The last two posts in this series have been about getting a data science analysis quickly up and running, and then circling back to improve it or understand the patterns I find, for example, which algorithms are working best and why. The upshot was a better handle on my workflow, but I’m left with a lot of free parameters of my algorithms to tune, and messing around with my workflow often leads to spaghetti code that becomes less and less understandable/easy to experiment with as I go. Enter the scikit-learn Pipeline and GridSearchCV objects: two tools that effectively allow me to pour gasoline on my data science fire, tightening up the code and doing parameter scans in just a few lines of code.

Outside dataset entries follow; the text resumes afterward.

(* Let $\mathcal{H}$ be a real Hilbert space, let $A_1, A_2:\mathcal{H}\to 2^{\mathcal{H}}$ be maximally monotone, let $B:\mathcal{H}\to\mathcal{H}$ be monotone and $L$-Lipschitz continuous ($L>0$), let $C:\mathcal{H}\to\mathcal{H}$ be $\beta$-cocoercive ($\beta>0$), and assume that $\mathrm{zer}(A_1+A_2+B+C)\neq\emptyset$. Let $\lambda>0$ and $\gamma\in\left(0,\frac{\lambda\beta}{\beta+\lambda(2\beta L+1)}\right)$. Let $x_0,x_{-1},u_0\in\mathcal{H}$ and define for $n\ge0$ $$\begin{aligned}x_{n+1}&=J_{\gamma A_2}\big(x_n-\gamma u_n-\gamma(2Bx_n-Bx_{n-1})-\gamma Cx_n\big),\\ y_{n+1}&=J_{\lambda A_1}(2x_{n+1}-x_n+\lambda u_n),\\ u_{n+1}&=u_n+\tfrac{1}{\lambda}(2x_{n+1}-x_n-y_{n+1}).\end{aligned}$$ Then $\{x_n\}$ converges weakly to a point $\bar x\in\mathrm{zer}(A_1+A_2+B+C)$.
   Context: $J_{\gamma A}=(\mathrm{Id}+\gamma A)^{-1}$ denotes the resolvent of a maximally monotone operator $A$. $\mathrm{zer}(T)=\{x:0\in Tx\}$. $C$ is $\beta$-cocoercive if $\langle x-y,Cx-Cy\rangle\ge\beta\|Cx-Cy\|^2$ for all $x,y$. *)

From HB Require Import structures.
From mathcomp Require Import all_boot all_order all_algebra.
From mathcomp Require Import all_classical all_reals topology normedtype sequences.
Set Implicit Arguments. Unset Strict Implicit. Unset Printing Implicit Defensive.
Import Order.TTheory GRing.Theory Num.Theory.
Import numFieldNormedType.Exports.
Local Open Scope classical_set_scope.
Local Open Scope ring_scope.

Record hilbert (R : realType) (H : lmodType R) := Hilbert {
  ip : H -> H -> R;
  ip_sym : forall x y, ip x y = ip y x;
  ip_linl : forall (a : R) (x y z : H), ip (a *: x + y) z = a * ip x z + ip y z;
  ip_ge0 : forall x, 0 <= ip x x;
  ip_eq0 : forall x, ip x x = 0 -> x = 0;
  ip_complete : forall u : nat -> H,
    (forall e : R, 0 < e -> exists N : nat, forall m n : nat, (N <= m)%N -> (N <= n)%N ->
        Num.sqrt (ip (u m - u n) (u m - u n)) < e) ->
    exists l : H, (fun n => Num.sqrt (ip (u n - l) (u n - l))) @ \oo --> (0 : R)
}.

Section Ops.
Context (R : realType) (H : lmodType R) (I : hilbert H).

Definition hnorm (x : H) : R := Num.sqrt (ip I x x).

(* set-valued operators are represented by their graphs: A x u  <->  u \in A x *)
Definition monotone_op (A : H -> H -> Prop) :=
  forall x y u v, A x u -> A y v -> 0 <= ip I (x - y) (u - v).

Definition maximally_monotone (A : H -> H -> Prop) :=
  monotone_op A /\
  forall x u, (forall y v, A y v -> 0 <= ip I (x - y) (u - v)) -> A x u.

Definition monotone_fun (B : H -> H) := monotone_op (fun x u => u = B x).

Definition L_lipschitz (L : R) (B : H -> H) :=
  forall x y, hnorm (B x - B y) <= L * hnorm (x - y).

Definition cocoercive (beta : R) (C : H -> H) :=
  forall x y, beta * hnorm (C x - C y) ^+ 2 <= ip I (x - y) (C x - C y).

(* p = J_{gamma A} z  <->  z \in p + gamma A p *)
Definition resolvent (gamma : R) (A : H -> H -> Prop) (z p : H) :=
  exists a, A p a /\ z = p + gamma *: a.

Definition zer4 (A1 A2 : H -> H -> Prop) (B C : H -> H) (x : H) :=
  exists a1 a2, A1 x a1 /\ A2 x a2 /\ a1 + a2 + B x + C x = 0.

Definition weak_cvg (x : nat -> H) (l : H) :=
  forall y : H, (fun n => ip I (x n) y) @ \oo --> ip I l y.

End Ops.

(* x_{n-1} for n >= 0, given x_{-1} = xm1 *)
Definition xprev (T : Type) (x : nat -> T) (xm1 : T) (n : nat) : T :=
  match n with 0 => xm1 | k.+1 => x k end.

(* Fix a primal-dual solution (z, w), i.e. w \in A1 z and -(w + B z + C z) \in A2 z.  The energy
     E_n = lyap (x_n - z) (u_n - w) - <x_n - z, B x_n - B x_(n-1)> + L/2 |x_n - x_(n-1)|^2,
   where lyap p q = |p|^2 / (2 gamma) + lambda |q|^2 / 2 - <p, q>, is nonnegative and, under the
   step-size condition, decreases by a positive multiple of |x_(n+1) - x_n|^2 + |u_(n+1) - u_n|^2.
   So the iterates are bounded and the increments and the residuals of both resolvent steps vanish.
   Weak cluster points are taken along ultrafilters on nat (bounded sequences have weak
   ultralimits by a Riesz representation argument), and maximal monotonicity makes each of them a
   primal-dual solution.  Since lyap (x_n - z) (u_n - w) converges for every solution and
   lyap p q >= (1/gamma - 1/lambda) |p|^2 / 2, two cluster points cannot differ (Opial). *)

From HB Require Import structures.
From mathcomp Require Import all_boot all_order all_algebra.
From mathcomp Require Import all_classical all_reals topology normedtype sequences.
From mathcomp Require Import ring lra.
Import Order.TTheory GRing.Theory Num.Theory.
Import numFieldNormedType.Exports.
Local Open Scope classical_set_scope.
Local Open Scope ring_scope.
Set Implicit Arguments. Unset Strict Implicit. Unset Printing Implicit Defensive.

Section InnerProduct.
Context (R : realType) (H : lmodType R) (I : hilbert H).
Local Notation "''[' u , v ]" := (ip I u v) : ring_scope.
Local Notation "''[' u ]" := (ip I u u) : ring_scope.

Lemma ipDl x y z : '[x + y, z] = '[x, z] + '[y, z].
Proof. by have := ip_linl I 1 x y z; rewrite scale1r mul1r. Qed.

Lemma ip0l z : '[0, z] = 0.
Proof. by have /eqP := ipDl 0 0 z; rewrite addr0 -subr_eq subrr eq_sym => /eqP. Qed.

Lemma ipZl a x z : '[a *: x, z] = a * '[x, z].
Proof. by have := ip_linl I a x 0 z; rewrite !addr0 ip0l addr0. Qed.

Lemma ipNl x z : '[- x, z] = - '[x, z].
Proof. by rewrite -scaleN1r ipZl mulN1r. Qed.

Lemma ipDr x y z : '[z, x + y] = '[z, x] + '[z, y].
Proof. by rewrite ip_sym ipDl !(ip_sym _ _ z). Qed.

Lemma ipZr a x z : '[z, a *: x] = a * '[z, x].
Proof. by rewrite ip_sym ipZl ip_sym. Qed.

Lemma ip0r z : '[z, 0] = 0.
Proof. by rewrite ip_sym ip0l. Qed.

Lemma ipNr x z : '[z, - x] = - '[z, x].
Proof. by rewrite ip_sym ipNl ip_sym. Qed.

Lemma ip_ext x y : (forall t, '[x, t] = '[y, t]) -> x = y.
Proof.
move=> xy; apply/eqP; rewrite -subr_eq0; apply/eqP; apply: (@ip_eq0 _ _ I).
by rewrite ipDl ipNl xy subrr.
Qed.

End InnerProduct.

Ltac ip_expand := rewrite ?(ipDl, ipDr, ipNl, ipNr, ipZl, ipZr, ip0l, ip0r).

(* Orient every pair [ip I v u], [ip I u v] occurring in the goal the same way,
   so that [ring] sees a single atom for both. *)
Ltac ip_sym_merge I :=
  repeat match goal with
  | |- context [ip I ?v ?u] =>
      match goal with
      | |- context [ip I u v] =>
          tryif constr_eq u v then fail else rewrite (ip_sym I v u)
      end
  end.

Ltac ip_normalize I := ip_expand; ip_sym_merge I.

(* An identity between vectors is checked on its inner products with an
   arbitrary vector, which turns it into an identity of real numbers. *)
Ltac vec_eq_by_ip I := apply: (@ip_ext _ _ I) => ?; ip_expand.

Section Norm.
Context (R : realType) (H : lmodType R) (I : hilbert H).
Local Notation "''[' u , v ]" := (ip I u v) : ring_scope.
Local Notation "''[' u ]" := (ip I u u) : ring_scope.

Lemma ip_young x y t : 0 < t -> 2 * '[x, y] <= t * '[x] + t^-1 * '[y].
Proof.
move=> t_gt0; have -> : t * '[x] + t^-1 * '[y] = 2 * '[x, y] + t^-1 * '[t *: x - y].
  by ip_normalize I; field; rewrite gt_eqF.
by rewrite lerDl; apply: mulr_ge0; [rewrite invr_ge0 ltW | exact: ip_ge0].
Qed.

Lemma cauchy_schwarz x y : '[x, y] ^+ 2 <= '[x] * '[y].
Proof.
have [y0|y_neq0] := eqVneq '[y] 0; first by rewrite (ip_eq0 y0) !ip0r expr0n mulr0.
have y_gt0 : 0 < '[y] by rewrite lt0r y_neq0 ip_ge0.
have key : '['[y] *: x - '[x, y] *: y] = '[y] * ('[x] * '[y] - '[x, y] ^+ 2).
  by ip_normalize I; ring.
by have := ip_ge0 I ('[y] *: x - '[x, y] *: y); rewrite key pmulr_rge0 // subr_ge0.
Qed.

Lemma ip_norm_le x y : `|'[x, y]| <= ('[x] + '[y]) / 2.
Proof.
have := ip_young x y ltr01; have := ip_young (- x) y ltr01.
by rewrite invr1 !mul1r !ipNl ipNr opprK ler_norml => ? ?; apply/andP; split; lra.
Qed.

Lemma ip_sqr_addr x y : '[x + y] <= 2 * '[x] + 2 * '[y].
Proof. have := ip_ge0 I (x - y); ip_normalize I; lra. Qed.

Lemma ip_sqr_subr x y : '[x - y] <= 2 * '[x] + 2 * '[y].
Proof. by have := ip_sqr_addr x (- y); rewrite !ipNl !ipNr opprK. Qed.

End Norm.

Lemma cvg_from_ultra (T : Type) (V : topologicalType) (F : set_system T) {FF : Filter F}
  (f : T -> V) (l : V) :
  (forall U, UltraFilter U -> F `<=` U -> f @ U --> l) -> f @ F --> l.
Proof.
move=> fUl P lP; apply: contrapT => nFP.
pose C := ~` (f @^-1` P).
have CF : ProperFilter (within C F).
  apply: Build_ProperFilter_ex => Q; rewrite /within/= => FQ.
  apply: contrapT => nQ; apply: nFP; apply: filterS FQ => t CQ.
  by apply: contrapT => nPt; apply: nQ; exists t; exact: CQ.
have [U [UU CU]] := ultraFilterLemma CF.
have FU : F `<=` U by move=> Q FQ; apply: CU; rewrite /within/=; apply: filterS FQ => t Qt _.
have UP : U (f @^-1` P) := fUl U UU FU P lP.
by have [t [Pt []]] := filter_ex (filterI UP (CU _ (withinT C FF))).
Qed.

Lemma ultra_bounded_cvg (R : realType) (T : Type) (U : set_system T) {UU : UltraFilter U}
  (a : T -> R) (M : R) : (forall t, `|a t| <= M) -> exists l : R, a @ U --> l.
Proof.
move=> aM.
have [l [_ cl]] : `[- M, M] `&` cluster (a @ U) !=set0.
  apply: segment_compact.
  by apply: nearW => t; rewrite /= in_itv /= -ler_norml.
exists l => P /= lP; have [//|UnP] := in_ultra_setVsetC (a @^-1` P) UU.
by have [t []] := cl (~` P) P UnP lP.
Qed.

Section NullFamilies.
Context (R : realFieldType) (T : Type) (F : set_system T) {FF : Filter F}.

Lemma cvg0D (a b : T -> R) :
  a @ F --> 0 -> b @ F --> 0 -> (a t + b t) @[t --> F] --> 0.
Proof. by move=> a0 b0; rewrite -(addr0 0); apply: cvgD. Qed.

First up is Pipeline. There are a number of tools that I’ve chained together to get where I am now, like SelectKBest and RandomForestClassifier. After selecting the 100 best features, the natural next step is to run my random forest again to see if it does a little better with fewer features. In this case, I have SelectKBest doing selection, with the output of that process going straight into a classifier. Pipeline packages the transformation step of SelectKBest with the estimation step of RandomForestClassifier into a coherent workflow.
Why might I want to use Pipeline instead of keeping the steps separate?
- It makes code more readable (or, if you like, it makes the intent of the code clearer).
- I don’t have to worry about keeping track data during intermediate steps, for example between transforming and estimating.
- It makes it trivial to move ordering of the pipeline pieces, or to swap pieces in and out.
- It allows you to do GridSearchCV on your workflow
This last point is, in my opinion, the most important. I will get to that point very soon, but first I’ll get a Pipeline up and running that does SelectKBest followed by RandomForestClassifier.
I make a list of steps, each of which is a transformer (like SelectKBest) or, for the last one in the list, an estimator (RandomForestClassifier), and then turn that list into a Pipeline. Then the Pipeline is a single coherent workflow, with the transformed data from SelectKBest being seamlessly passed along the RandomForestClassifier. Depending on exactly what I want to do in a given case, I could have many transformers strung together, with or without an estimator at the end.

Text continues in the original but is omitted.